Николаич повернулся к японцам с хитрой улыбкой. В руках у него был гаечный ключ, который он и протянул одному из гостей, безошибочно выбрав того, кто знал, что за железную штуковину ему протягивают. И пусть руки у этого гражданина с узкоглазым, чуть смущенно улыбнувшимся лицом, были девственно чистыми и несли явные следы похода к мастеру маникюрных дел, Будылин сразу определил, что этот человек умеет, и даже любит возиться с железками. Нащупал, так сказать, родственную душу.
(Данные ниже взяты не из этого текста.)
Ltac destruct_heq2 H :=
  let e := fresh "e" in let e' := fresh "e" in
  pose proof (f_equal (@projT1 _ _) H) as e; simpl in e;
  pose proof (f_equal (@projT1 _ _) e) as e'; simpl in e';
  first [injection e'; clear e'; intros; subst | clear e'];
  apply inj_pair2 in e; first [injection e; clear e; intros; subst | clear e];
  apply inj_pair2 in H; subst.

Section HeterogeneousEquality.
Context {X : BgData}.

Lemma heq1_eq {x y : b0 X} (u v : b1 x y) : heq1 u v -> u = v.
Proof. intro H. destruct_heq1 H. reflexivity. Qed.
Lemma heq2_eq {x y : b0 X} {f g : b1 x y} (a a' : b2 f g) : heq2 a a' -> a = a'.
Proof. intro H. destruct_heq2 H. reflexivity. Qed.
Lemma eq_heq2 {x y : b0 X} {f g : b1 x y} (a a' : b2 f g) : a = a' -> heq2 a a'.
Proof. intros ->. reflexivity. Qed.
Lemma heq2_rw {x y x' y' : b0 X} {f g : b1 x y} {f' g' : b1 x' y'} (a : b2 f g) (a' a'' : b2 f' g') :
  heq2 a a' -> a' = a'' -> heq2 a a''.
Proof. intros H <-. exact H. Qed.
Lemma heq2_tgt {x y x' y' : b0 X} {f g : b1 x y} {f' g' : b1 x' y'} (a : b2 f g) (a' : b2 f' g') :
  heq2 a a' -> heq1 g g'.
Proof. intro H. destruct_heq2 H. reflexivity. Qed.
Lemma heq1_src {x y x' y' : b0 X} (u : b1 x y) (v : b1 x' y') : heq1 u v -> x = x'.
Proof. intro H. destruct_heq1 H. reflexivity. Qed.
Lemma heq1_tgt {x y x' y' : b0 X} (u : b1 x y) (v : b1 x' y') : heq1 u v -> y = y'.
Proof. intro H. destruct_heq1 H. reflexivity. Qed.
Section Uniqueness.
Variables (k : fieldType) (p : nat) (e : nat) (m : option nat).
Variables (R : comAlgType k) (F : 'I_e -> ser2 k e).
Hypothesis HFv : forall (l : 'I_e) (a : mi e), inrange p m a ->
  F l a (mi0 e) = (a == unitv l 1)%:R.
Hypothesis HFw : forall (l : 'I_e) (b : mi e), inrange p m b ->
  F l (mi0 e) b = (b == unitv l 1)%:R.
Variables (D D' : mi e -> R -> R).
Hypotheses (hD : F_derivation p m F D) (hD' : F_derivation p m F D').

Lemma F_derivation_eq_miadd (a' b' : mi e) : inrange p m (miadd a' b') ->
  (forall j, inrange p m j -> (miabs j < miabs (miadd a' b'))%N ->
     forall r, D j r = D' j r) ->
  split_nontrivial k a' b' -> forall r, D (miadd a' b') r = D' (miadd a' b') r.
Proof.
move=> ha IH [a'_gt0 b'_gt0 hC] r.
have ia' := inrange_mile (mile_miaddr a' b') ha.
have ib' := inrange_mile (mile_miaddl a' b') ha.
have habs := miabs_miadd a' b'.
move: ha IH hC habs; move aE: (miadd a' b') => a ha IH hC habs.
have E : D b' (D a' r) = D' b' (D' a' r) by rewrite (IH a') ?(IH b') //; lia.
case: hD => _ /(_ r a' b' ia' ib') hDr.
case: hD' => _ /(_ r a' b' ia' ib') hD'r.
move/eqP: E; rewrite hDr hD'r -subr_eq0 sum_belowB (sum_below_single (j0 := a)); last first.
  move=> i _ hne; case hi: (inrange p m i); last by rewrite subrr.
  case: (ltnP (miabs i) (miabs a)) => hia; first by rewrite (IH i) // subrr.
  rewrite (initial_form_Fpow HFv HFw ia' ib') -?habs //.
  case: eqP => _; last by rewrite !scale0r subrr.
  by rewrite binom_ser_out ?scale0r ?subrr // aE eq_sym.
rewrite ha (initial_form_Fpow HFv HFw ia' ib') -habs // eqxx -scalerBr.
have -> : mile a [ffun=> if m is Some n then (p ^ n).-1 else miabs a].
  apply/mileP => l; rewrite ffunE; move: ha; rewrite /inrange.
  case: m => [n /forallP /(_ l) hl | _]; first by lia.
  by rewrite leq_miabs.
by rewrite scaler_eq0 (negbTE hC) /= subr_eq0 => /eqP.
Qed.
End Uniqueness.

Unset Implicit Arguments.

Theorem fact2p14 (k : fieldType) (p : nat) (hp : p \in [pchar k])
  (e : nat) (he : (0 < e)%N) (m : option nat)
  (hm : forall n, m = Some n -> (0 < n)%N)
  (R : comAlgType k) (F : 'I_e -> ser2 k e)
  (HFv : forall (l : 'I_e) (a : mi e), inrange p m a ->
           F l a (mi0 e) = (a == unitv l 1)%:R)
  (HFw : forall (l : 'I_e) (b : mi e), inrange p m b ->
           F l (mi0 e) b = (b == unitv l 1)%:R)
  (D D' : mi e -> R -> R)
  (hD : F_derivation p m F D) (hD' : F_derivation p m F D')
  (Heq : forall (l : 'I_e) (i : nat), lt_m i m ->
           forall r : R, D (unitv l (p ^ i)) r = D' (unitv l (p ^ i)) r) :
  forall a : mi e, inrange p m a -> forall r : R, D a r = D' a r.
Proof.
suff main n (a : mi e) : (miabs a < n)%N -> inrange p m a ->
    forall r, D a r = D' a r.
  by move=> a; apply: main (ltnSn _).
elim: n a => // n IHn a han ha r.
have [->|a0] := eqVneq a (mi0 e).
  by case: hD => [[-> _ _ _] _]; case: hD' => [[-> _ _ _] _].
case: (mi_pfactor_unitv_or_split hp ha a0) => [[l [i [hi ->]]]|[a' [b' [aE hsplit]]]].
  exact: Heq.
move: ha han; rewrite aE => ha han.
apply: (F_derivation_eq_miadd HFv HFw hD hD' ha _ hsplit) => j hj hja.
by apply: IHn => //; lia.
Qed.
(* Let $\kappa$ be an uncountable regular cardinal, $U$ an unbounded subset of $\kappa$, and $T$ a subtree of ${}^{<\kappa}\kappa$. If $\mu$ is a cardinal with $\mu^{<\kappa}<|[T]|$ and $c:{}^\kappa\mu\to[T]$ is a continuous surjection, then there are a strictly increasing sequence $\langle\lambda_n\in U : n<\omega\rangle$ with least upper bound $\lambda$ and an injection $i:\prod_{n<\omega}\lambda_n\to T(\lambda)$ such that for all $x,y\in\prod_{n<\omega}\lambda_n$ and all $n<\omega$: $x\restriction n=y\restriction n$ if and only if $i(x)\restriction\lambda_n=i(y)\restriction\lambda_n$.
   Context: ${}^{<\kappa}\kappa$ is the set of functions from ordinals $\alpha<\kappa$ to $\kappa$, ordered by inclusion; a subtree is a subset closed under restrictions to smaller ordinals. $[T]$ is the set of $x\in{}^\kappa\kappa$ with $x\restriction\alpha\in T$ for all $\alpha<\kappa$, with the subspace topology of ${}^\kappa\kappa$. $T(\lambda)$ denotes the set of nodes of $T$ of length $\lambda$. For a cardinal $\nu$, ${}^\kappa\nu$ carries the topology with basic open sets $N_s=\{x\in{}^\kappa\nu : s\subseteq x\}$ for $s$ a function from an ordinal below $\kappa$ to $\nu$. *)

(* Generalized Baire spaces over an abstract well-ordered type K
   representing the (initial) ordinal kappa; elements of K are the ordinals < kappa. *)
From Stdlib Require Import Classical.
Set Implicit Arguments.

Section Defs.
Variable K : Type.
Variable lt : K -> K -> Prop.

Definition le (a b : K) : Prop := lt a b \/ a = b.

Definition strict_well_order : Prop :=
  (forall a, ~ lt a a) /\
  (forall a b c, lt a b -> lt b c -> lt a c) /\
  (forall a b, lt a b \/ a = b \/ lt b a) /\
  well_founded lt.

Definition seg (a : K) : Type := { b : K | lt b a }.

Definition le_card (A B : Type) : Prop :=
  exists f : A -> B, forall x y, f x = f y -> x = y.
Definition lt_card (A B : Type) : Prop := le_card A B /\ ~ le_card B A.

Definition is_cardinal : Prop := forall a : K, ~ le_card K (seg a).
Definition uncountable : Prop := ~ le_card K nat.
Definition regular : Prop :=
  forall (a : K) (f : seg a -> K), exists g : K, forall b, lt (f b) g.

Definition uncountable_regular_cardinal : Prop :=
  strict_well_order /\ is_cardinal /\ uncountable /\ regular.

Definition unbounded (U : K -> Prop) : Prop := forall a, exists b, U b /\ lt a b.

(* nodes of {}^{<kappa} X: functions from an ordinal alpha < kappa to X *)
Definition node (X : Type) : Type := { a : K & seg a -> X }.
Definition len {X} (s : node X) : K := projT1 s.
Definition val {X} (s : node X) : seg (len s) -> X := projT2 s.

Definition prefix {X} (t s : node X) : Prop :=
  le (len t) (len s) /\
  forall c (h1 : lt c (len t)) (h2 : lt c (len s)),
    val t (exist _ c h1) = val s (exist _ c h2).

Definition restr {X} (x : K -> X) (a : K) : node X :=
  existT (fun a => seg a -> X) a (fun b => x (proj1_sig b)).

Definition subtree (T : node K -> Prop) : Prop :=
  forall s t, prefix t s -> T s -> T t.

Definition branches (T : node K -> Prop) : Type :=
  { x : K -> K | forall a, T (restr x a) }.

Definition N {X} (s : node X) (y : K -> X) : Prop :=
  forall c (h : lt c (len s)), val s (exist _ c h) = y c.

Definition open {X} (V : (K -> X) -> Prop) : Prop :=
  forall x, V x -> exists s : node X, N s x /\ (forall y, N s y -> V y).

(* continuity of c : {}^kappa M -> [T], [T] carrying the subspace topology of
   {}^kappa kappa: preimages of (traces on [T] of) open sets are open *)
Definition continuous {M} {T : node K -> Prop} (c : (K -> M) -> branches T) : Prop :=
  forall V : (K -> K) -> Prop, open V -> open (fun z => V (proj1_sig (c z))).

End Defs.

(* Call a node [u] of [{}^{<kappa} mu] small when [c[N_u]] injects into the set of
   extensions of [u].  As [mu^{<kappa} < |[T]|] and [c] is onto, the empty node is
   not small.  If [u] is not small, the images of the branches through [u] all of
   whose restrictions above [u] are non-small cannot be listed in fewer than
   [kappa] steps: otherwise lengths of restrictions (for these images) and
   minimal small extensions (for all other images) would make [u] small.  So [u]
   has [kappa] such branches with distinct images; by regularity fewer than
   [kappa] of these images are already separated below some ordinal, and by
   continuity each image is frozen below any given [lambda] on a long enough
   restriction.  Repeating this [omega] times, with [lambda_{n+1}] in [U] above
   all separation points of stage [n] (a bound exists by regularity), gives
   nodes [t_n(x)] increasing in [n]; [i(x)] is the image of a branch through all
   [t_n(x)], cut at [lambda = sup lambda_n], which is below [kappa] because
   [kappa] is regular and uncountable. *)

From Stdlib Require Import Classical ClassicalEpsilon FunctionalExtensionality ProofIrrelevance PeanoNat Lia.

Lemma partial_choice {A B} (P : A -> Prop) (R : A -> B -> Prop) :
  inhabited B -> (forall a, P a -> exists b, R a b) ->
  exists f : A -> B, forall a, P a -> R a (f a).
Proof.
  intros [b0] H.
  destruct (choice (fun a b => P a -> R a b)) as [f Hf]; [|exists f; exact Hf].
  intro a. destruct (classic (P a)) as [Ha|Ha].
  - destruct (H a Ha) as [b Hb]. exists b. auto.
  - exists b0. tauto.
Qed.

Lemma nat_dependent_choice {A} (P : nat -> A -> Prop) (R : nat -> A -> A -> Prop) :
  (exists a, P 0 a) -> (forall n a, P n a -> exists a', P (S n) a' /\ R n a a') ->
  exists f : nat -> A, forall n, P n (f n) /\ R n (f n) (f (S n)).
Proof.
  intros [a0 H0] Hstep.
  destruct (partial_choice (fun na : nat * A => P (fst na) (snd na))
              (fun na a' => P (S (fst na)) a' /\ R (fst na) (snd na) a') (inhabits a0))
    as [next Hnext].
  { intros [n a]. apply Hstep. }
  pose (f := fix f n := match n with 0 => a0 | S n => next (n, f n) end).
  assert (Hf : forall n, P n (f n)).
  { induction n as [|n IH]; [exact H0 | exact (proj1 (Hnext (n, f n) IH))]. }
  exists f. intro n. split; [apply Hf | exact (proj2 (Hnext (n, f n) (Hf n)))].
Qed.

Definition upd {A} (x : nat -> A) n a : nat -> A :=
  fun m => if Nat.eq_dec m n then a else x m.

Lemma upd_eq {A} (x : nat -> A) n a : upd x n a n = a.
Proof. unfold upd. destruct (Nat.eq_dec n n); congruence. Qed.

Lemma upd_ne {A} (x : nat -> A) n a m : m <> n -> upd x n a m = x m.
Proof. unfold upd. destruct (Nat.eq_dec m n); congruence. Qed.

Section Kappa.
Context {K : Type} {lt : K -> K -> Prop}.
Hypothesis Hwo : strict_well_order lt.

Lemma lt_irrefl a : ~ lt a a.
Proof. exact (proj1 Hwo a). Qed.

Lemma lt_trans a b c : lt a b -> lt b c -> lt a c.
Proof. exact (proj1 (proj2 Hwo) a b c). Qed.

Lemma lt_total a b : lt a b \/ a = b \/ lt b a.
Proof. exact (proj1 (proj2 (proj2 Hwo)) a b). Qed.

Lemma le_refl a : le lt a a.
Proof. right; reflexivity. Qed.

Lemma lt_le_trans a b c : lt a b -> le lt b c -> lt a c.
Proof. intros H [H'| <-]; [exact (lt_trans _ _ _ H H') | exact H]. Qed.

Lemma le_lt_trans a b c : le lt a b -> lt b c -> lt a c.
Proof. intros [H| ->] H'; [exact (lt_trans _ _ _ H H') | exact H']. Qed.

Lemma le_trans a b c : le lt a b -> le lt b c -> le lt a c.
Proof. intros [H| ->] H'; [left; exact (lt_le_trans _ _ _ H H') | exact H']. Qed.
Lemma act_le_r (M : QModule Q) (q : Q) (m n : M) : le m n -> le (act q m) (act q n).
Proof.
  intros h. rewrite (sup_pair h), act_supr by (exists m; auto).
  apply sup_ub. exists m; auto.
Qed.

Lemma qmul_le_r (q a b : Q) : le a b -> le (qmul q a) (qmul q b).
Proof.
  intros h. rewrite (sup_pair h), qmul_sup by (exists a; auto).
  apply sup_ub. exists a; auto.
Qed.

Lemma qmul_le_l (q a b : Q) : le a b -> le (qmul a q) (qmul b q).
Proof. intros h. rewrite (qmulC _ a), (qmulC _ b). apply qmul_le_r, h. Qed.

Lemma qmul1r (a : Q) : qmul a qone = a.
Proof. rewrite qmulC. apply qmul1. Qed.

Lemma qmul_le_drop_l (a b : Q) : le (qmul a b) b.
Proof.
  eapply le_trans; [apply qmul_le_l, (qone_top _ a)|]. rewrite qmul1. apply le_refl.
Qed.

End Monotonicity.

(* Multiplying by more elements of [F] only shrinks, so one product serves a
   whole finite list. *)
Lemma mfilter_common_multiplier (Q : Quantale) (F : Q -> Prop) (B : Q -> Prop)
  (L : list Q) :
  mfilter F -> (forall y, In y L -> exists s, F s /\ fin_below (qmul s y) B) ->
  exists t, F t /\ forall y, In y L -> fin_below (qmul t y) B.
Proof.
  intros [F1 [_ Fmul]]. induction L as [|y L IH]; intros h.
  - exists qone; split; [exact F1 | intros y []].
  - destruct (h y (or_introl eq_refl)) as [s [Fs hs]].
    destruct IH as [t [Ft ht]]; [intros z hz; apply h; right; auto|].
    exists (qmul s t). split; [apply Fmul; auto|].
    intros z [<- | hz].
    + apply fin_below_le with (qmul s y); [|exact hs].
      apply qmul_le_l. rewrite qmulC. apply qmul_le_drop_l.
    + apply fin_below_le with (qmul t z); [|apply ht, hz].
      apply qmul_le_l, qmul_le_drop_l.
Qed.

Lemma locally_solid_of_normal_over (Q : Quantale) (F : Q -> Prop) :
  mfilter F -> blooming Q -> normal_over (@qmul Q) F -> locally_solid F.
Proof.
  intros hF [f [Hf _]] HN. exists (f qone). split; [apply (proj1 Hf)|split].
  - apply le_antisym; [apply qone_top | apply (le_sup_ladj Hf)].
  - intros w hw I x inhI Fx.
    destruct (HN (famsup x) qone I x Fx inhI) as [J [m' [sj [inhJ [HFj [Hm Hj]]]]]].
    { rewrite qmul1r. apply le_refl. }
    destruct (@ladj_fin_below _ f qone (range m') w Hf) as [L [nL [hL hwL]]]; auto.
    { destruct inhJ as [j]; exists (m' j), j; reflexivity. }
    destruct (@mfilter_common_multiplier Q F (range x) L hF) as [t [Ft ht]].
    { intros y hy. destruct (hL y hy) as [j ->].
      exists (sj j); split; [apply HFj | apply lestar_fin_below, Hj]. }
    exists t; split; auto. apply lestar_fin_below.
    apply fin_below_le with (qmul t (sup (fun y => In y L))); [apply qmul_le_r, hwL|].
    rewrite qmul_sup by (destruct L; [congruence|]; eexists; simpl; eauto).
    apply fin_below_sup_image with (S := fun y => In y L); auto.
Qed.

Section LocallySolidNormal.

Context {Q : Quantale} {F : Q -> Prop} {M : QModule Q}.
Context {W : Q -> Prop} {fQ : Q -> (Q -> Prop)} {fM : M -> (M -> Prop)}.
Hypothesis F_up : forall x y : Q, F x -> le x y -> F y.
Hypothesis W_solid : forall w, W w -> forall (I : Type) (x : I -> Q),
  inhabited I -> F (famsup x) -> exists t, F t /\ lestar (qmul t w) x.
Hypotheses (HfQ : sigma_ladj fQ) (HfM : sigma_ladj fM).
Hypothesis fM_act : forall (q : Q) (m : M), sequiv (fM (act q m)) (setact (fQ q) (fM m)).

Lemma locally_solid_multiplier (s : Q) (m : M) (I : Type) (mi : I -> M) w n :
  F s -> inhabited I -> le (act s m) (famsup mi) -> W w -> fM m n ->
  exists t, F t /\ lestar (act t (act w n)) mi.
Proof.
  intros Fs inhI Hle hw hn.
  set (x := fun i : {q : Q | fQ s q} => proj1_sig i).
  assert (inhX : inhabited {q : Q | fQ s q}).
  { destruct (proj1 HfQ s) as [q hq]. exact (inhabits (exist _ q hq)). }
  assert (FX : F (famsup x)).
  { apply F_up with s; auto. eapply le_trans; [apply (le_sup_ladj HfQ)|].
    apply sup_least; [apply (proj1 HfQ)|]. intros y hy. apply sup_ub.
    exists (exist _ y hy). reflexivity. }
  destruct (W_solid hw inhX FX) as [t [Ft ht]].
  exists t; split; auto.
  apply lestar_fin_below. rewrite <- actA.
  apply lestar_fin_below in ht. destruct ht as [Lq [nLq [hLq hle]]].
  apply fin_below_le with (act (sup (fun y => In y Lq)) n); [apply act_le_l, hle|].
  rewrite act_supl by (destruct Lq; [congruence|]; eexists; simpl; eauto).
  apply fin_below_sup_image with (S := fQ s); auto.
  - intros a ha. destruct (hLq a ha) as [[q hq] ->]. exact hq.
  - intros q hq. apply fin_below_trans with (B := fM (act s m)).
    + apply (proj2 (fM_act s m)). exists q, n. auto.
    + intros y hy. apply (@ladj_fin_below _ fM (act s m) (range mi) y HfM); auto.
      destruct inhI as [i]; exists (mi i), i; reflexivity.
Qed.

Lemma le_sup_act_cover :
  (exists w, W w) -> sup W = qone -> forall m : M,
  le m (sup (fun z => exists w n, W w /\ fM m n /\ z = act w n)).
Proof.
  intros Wne supW m.
  rewrite <- (act1 _ m) at 1. rewrite <- supW, act_supl by exact Wne.
  apply sup_least; [destruct Wne as [w hw]; exists (act w m), w; auto|].
  intros y [w [hw ->]]. eapply le_trans; [apply act_le_r, (le_sup_ladj HfM)|].
  rewrite act_supr by apply (proj1 HfM). apply sup_least.
  - destruct (proj1 HfM m) as [n hn]. exists (act w n), n; auto.
  - intros z [n [hn ->]]. apply sup_ub. exists w, n; auto.
Qed.

End LocallySolidNormal.

Lemma normal_over_of_locally_solid (Q : Quantale) (F : Q -> Prop) (M : QModule Q) :
  mfilter F -> locally_solid F -> module_blooming M -> normal_over (@act Q M) F.
Proof.
  intros [_ [F_up _]] [W [Wne [supW HW]]] [fQ [fM [HfQ [HfM Hact]]]].
  intros s m I mi Fs inhI Hle.
  set (J := {p : Q * Q * M | F (fst (fst p)) /\ W (snd (fst p)) /\ fM m (snd p) /\
              lestar (act (fst (fst p)) (act (snd (fst p)) (snd p))) mi}).
  assert (cover : forall w n, W w -> fM m n -> exists j : J,
             act (snd (fst (proj1_sig j))) (snd (proj1_sig j)) = act w n).
  { intros w n hw hn.
    destruct (locally_solid_multiplier F_up HW HfQ HfM Hact Fs inhI Hle hw hn)
      as [t [Ft ht]].
    exists (exist _ (t, w, n) (conj Ft (conj hw (conj hn ht)))). reflexivity. }
  exists J, (fun j => act (snd (fst (proj1_sig j))) (snd (proj1_sig j))),
    (fun j => fst (fst (proj1_sig j))).
  split; [|split; [|split]].
  - destruct Wne as [w hw], (proj1 HfM m) as [n hn].
    destruct (cover w n hw hn) as [j _]. exact (inhabits j).
  - intros [[[t w] n] h]; simpl; tauto.
  - eapply le_trans; [exact (le_sup_act_cover HfM Wne supW m)|].
    apply sup_le_sup.
    + destruct Wne as [w hw], (proj1 HfM m) as [n hn]. exists (act w n), w, n; auto.
    + intros z [w [n [hw [hn ->]]]]. destruct (cover w n hw hn) as [j hj].
      exists (act w n); split; [exists j; auto | apply le_refl].
  - intros [[[t w] n] h]; simpl; tauto.
Qed.

Definition regular_module (Q : Quantale) : QModule Q.
Proof.
  refine (@Build_QModule Q (qpos Q) (@qmul Q) _ _ _ _).
  - intros; symmetry; apply qmulA.
  - apply qmul1.
  - intros S m hS. rewrite qmulC, qmul_sup by auto. f_equal.
    apply functional_extensionality; intro y; apply propositional_extensionality.
    unfold image_set; split; intros [z [hz ->]]; exists z; split; auto; apply qmulC.
  - intros; apply qmul_sup; auto.
Defined.

Lemma regular_module_blooming (Q : Quantale) :
  blooming Q -> module_blooming (regular_module Q).
Proof. intros [f [Hf Hm]]. exists f, f. auto. Qed.

Theorem mainTheorem12 (Q : Quantale) (F : Q -> Prop) :
  blooming Q -> mfilter F ->
  (normal_over (@qmul Q) F <-> locally_solid F) /\
  (locally_solid F <->
     forall M : QModule Q, module_blooming M -> normal_over (@act Q M) F).
Proof.
  intros hQ hF. split; split.
  - exact (locally_solid_of_normal_over hF hQ).
  - intros hl. exact (normal_over_of_locally_solid hF hl (regular_module_blooming hQ)).
  - intros hl M hM. exact (normal_over_of_locally_solid hF hl hM).
  - intros H. apply (locally_solid_of_normal_over hF hQ).
    exact (H (regular_module Q) (regular_module_blooming hQ)).
Qed.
Японец не побоялся подтупить к верстаку – прямо так, в щегольском костюмчике – отвергнув и синий фартук, который ему с улыбкой протянул Будылин, и рукавицы, десяток пар которых лежал на краю верстака. Он сразу подтупил к объекту, зажатому сейчас в тисках неопрятной бесформенной грудой. И на глаз – практически не ошибившись (чем вызвал одобрительное кряканье мастера производственного обучения) – подкрутил колесико ключа так, что его плоские рифленые губы плотно обхватили шляпку самого крупного болта. Под светло-серым костюмом не было видно, как напряглись его мышцы, но результат вызвал шумное ободрение уже в рядах его соотечественников. Металл жалобно и как-то обреченно треснул, и в руках японского мастера вместе с болтом оказалась и часть плата, и гайка, за долгие годы намертво вросшая в болт. Переводчик что-то застрекотал на японском, а умелец осторожно опустил ключ на верстак с немым вопросом в глазах:
– В чем фокус? Что такого сногсшибательного в этой железяке, из-за которой мы приперлись целой делегацией в это полуподвальное помещение? Здесь, кстати, не снимали фильмы ужасов?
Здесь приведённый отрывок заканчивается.